1. That the claim of lien was not filed in time.

2. That there is a fatal variance between the lien claim and the proof as to the terms of the contract of sale.

3. That the lumber used for forms for pouring cement for the buildings is not the basis of a valid lien.

4. That the proof fails to show that the materials furnished were expressly contracted for the buildings in question.

5. That the finding as to the date of filing claim of lien is indefinite and insufficient.

6. That the complaint alleges, and the court finds, that the buildings in question were erected by virtue of an agreement, whereas the proof shows that the buildings were erected under three separate agreements.

7. That items of charges sought to be recovered are not covered by the claim of lien.

1. We will consider the first and fifth alleged grounds of error together, as both are directed to the time of filing claim of lien. The court finds that notice of completion of these buildings was filed "on or about" the twenty-seventh day of August, 1914, and that thereafter, and "on or about" the twenty-first day of September, 1914, the claim of lien was filed.
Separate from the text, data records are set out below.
(* For every prime number $p$ there is an equivariant definable set $X$ in $\mathbf{ZFA}(\mathcal{G}_{\mathcal{F}_p})$ such that the vector space $\mathcal{F}_p^X$ does not have a basis (in $\mathbf{ZFA}(\mathcal{G}_{\mathcal{F}_p})$).
   Context: Let $\mathcal{F}_p$ be the field with $p$ elements. Let $V$ and $V^*$ be two disjoint $\aleph_0$-dimensional vector spaces over $\mathcal{F}_p$ and $\Phi:V\times V^*\to\mathcal{F}_p$ a bilinear map satisfying the Space Extension Axiom: for every finite linearly independent sequence $v_1,\dots,v_k$ in $V$ (resp. $V^*$), scalars $r_1,\dots,r_k\in\mathcal{F}_p$, and finite set $W\subseteq V^*$ (resp. $W\subseteq V$), there is $w\notin W$ with $\Phi(v_i,w)=r_i$ (resp. $\Phi(w,v_i)=r_i$) for all $i$. The polar geometry is the structure $\mathcal{G}_{\mathcal{F}_p}=\langle V\cup V^*,B,\Phi,+,(-)r\ (r\in\mathcal{F}_p)\rangle$, where $+$ and scalar multiplication are interpreted separately on $V$ and $V^*$ and the unary predicate $B$ holds exactly on $V$. $\mathbf{ZFA}(\mathcal{G}_{\mathcal{F}_p})$ is the permutation model with atoms $V\cup V^*$ consisting of hereditarily finitely supported sets (supported by finite $A_0$ = fixed by all automorphisms of the structure fixing $A_0$ pointwise). A set is equivariant if fixed by all automorphisms, and an equivariant set is definable if it has finitely many orbits. $\mathcal{F}_p^X$ is the vector space of finitely supported functions $X\to\mathcal{F}_p$, and a basis must be a finitely supported set. *)

From HB Require Import structures.
From Stdlib Require List.
From mathcomp Require Import all_boot all_algebra.
Set Implicit Arguments. Unset Strict Implicit. Unset Printing Implicit Defensive.
Import GRing.Theory.
Local Open Scope ring_scope.

Section Polar.
Variable F : fieldType.
Variables (V Vs : lmodType F).

Definition aleph0_basis (W : lmodType F) (e : nat -> W) : Prop :=
  (forall (n : nat) (c : 'I_n -> F),
      \sum_(i < n) c i *: e i = 0 -> forall i, c i = 0) /\
  (forall w : W, exists (n : nat) (c : 'I_n -> F), w = \sum_(i < n) c i *: e i).

Definition aleph0_dim (W : lmodType F) : Prop := exists e : nat -> W, aleph0_basis e.

Definition bilinear_form (Phi : V -> Vs -> F) : Prop :=
  (forall a v1 v2 w, Phi (a *: v1 + v2) w = a * Phi v1 w + Phi v2 w) /\
  (forall a v w1 w2, Phi v (a *: w1 + w2) = a * Phi v w1 + Phi v w2).

Definition lin_indep_fin (W : lmodType F) (k : nat) (v : 'I_k -> W) : Prop :=
  forall c : 'I_k -> F, \sum_(i < k) c i *: v i = 0 -> forall i, c i = 0.

Definition space_extension_axiom (Phi : V -> Vs -> F) : Prop :=
  (forall (k : nat) (v : 'I_k -> V) (r : 'I_k -> F) (W : seq Vs),
      lin_indep_fin v -> exists w : Vs, w \notin W /\ forall i, Phi (v i) w = r i) /\
  (forall (k : nat) (v : 'I_k -> Vs) (r : 'I_k -> F) (W : seq V),
      lin_indep_fin v -> exists w : V, w \notin W /\ forall i, Phi w (v i) = r i).

(* Automorphisms of <V u V*, B, Phi, +, (-)r>: since B (= V) is preserved,
   an automorphism is a pair of bijections of V and of V*, preserving
   + and scalar multiplication on each sort, and preserving Phi. *)
Definition is_aut (Phi : V -> Vs -> F) (s : V -> V) (t : Vs -> Vs) : Prop :=
  [/\ bijective s, bijective t,
      (forall x y, s (x + y) = s x + s y) /\ (forall (a : F) x, s (a *: x) = a *: s x),
      (forall x y, t (x + y) = t x + t y) /\ (forall (a : F) x, t (a *: x) = a *: t x)
    & forall v w, Phi (s v) (t w) = Phi v w].

Definition atom := (V + Vs)%type.

Definition amap (s : V -> V) (t : Vs -> Vs) (a : atom) : atom :=
  match a with inl v => inl (s v) | inr w => inr (t w) end.

End Polar.

(* The cumulative hierarchy over a type of atoms (Aczel-style ZFA).    *)

Inductive zfa (A : Type) : Type :=
| Atm : A -> zfa A
| Cls : forall Ix : Type, (Ix -> zfa A) -> zfa A.
Arguments Atm {A}.
Arguments Cls {A Ix}.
It is alleged in the complaint, and not denied in the answer, that the claim of lien was recorded, "on" September 21, 1914. The proof showed that the notice of completion was filed "on" the twenty-seventh day of August, and the claim of lien "on" the twenty-first day of September. It also appeared in evidence that the buildings were actually completed and accepted on the twenty-first day of August. [1] Appellant argues that the time for filing claim of lien began to run from the date of completion, and that more than thirty days elapsed before the filing of the lien claim, if it was filed September 21st; and that, in any event, the finding is too indefinite in fixing the time "on or about" the dates mentioned. Whatever merit this contention might have if under the facts the last day for filing the claim had been on the 20th or 21st

of September, it is without force under the recent decisions that a lien claimant for materials furnished a contractor may make his filing within thirty days after the date of filing notice by the owner of completion of the contract. (Hughes Mfg. & L. Co. v. Hathaway, 174 Cal. 44, [161 Pac. 1159]; Pioneer Paper Co. v. Hathaway, 39 Cal. App. 405, [179 Pac. 227].) [2] In this case the claimant had several days remaining after September 21st, in which he might file his claim of lien, and with this margin of time a finding that the notice of completion was filed "on or about" the 27th of August, and the notice of lien "on or about" the 21st of September, is probably suffi ciently definite as a finding that the lien claim was made within a period of thirty days; particularly as there is no question under the evidence as to that fact. If we were to concede that, as to this question, appellant's position were well taken, nevertheless, since we could not say upon this record that it was made to appear that justice had miscarried, it would be a proper case for the application of section 41% of article VI of the constitution.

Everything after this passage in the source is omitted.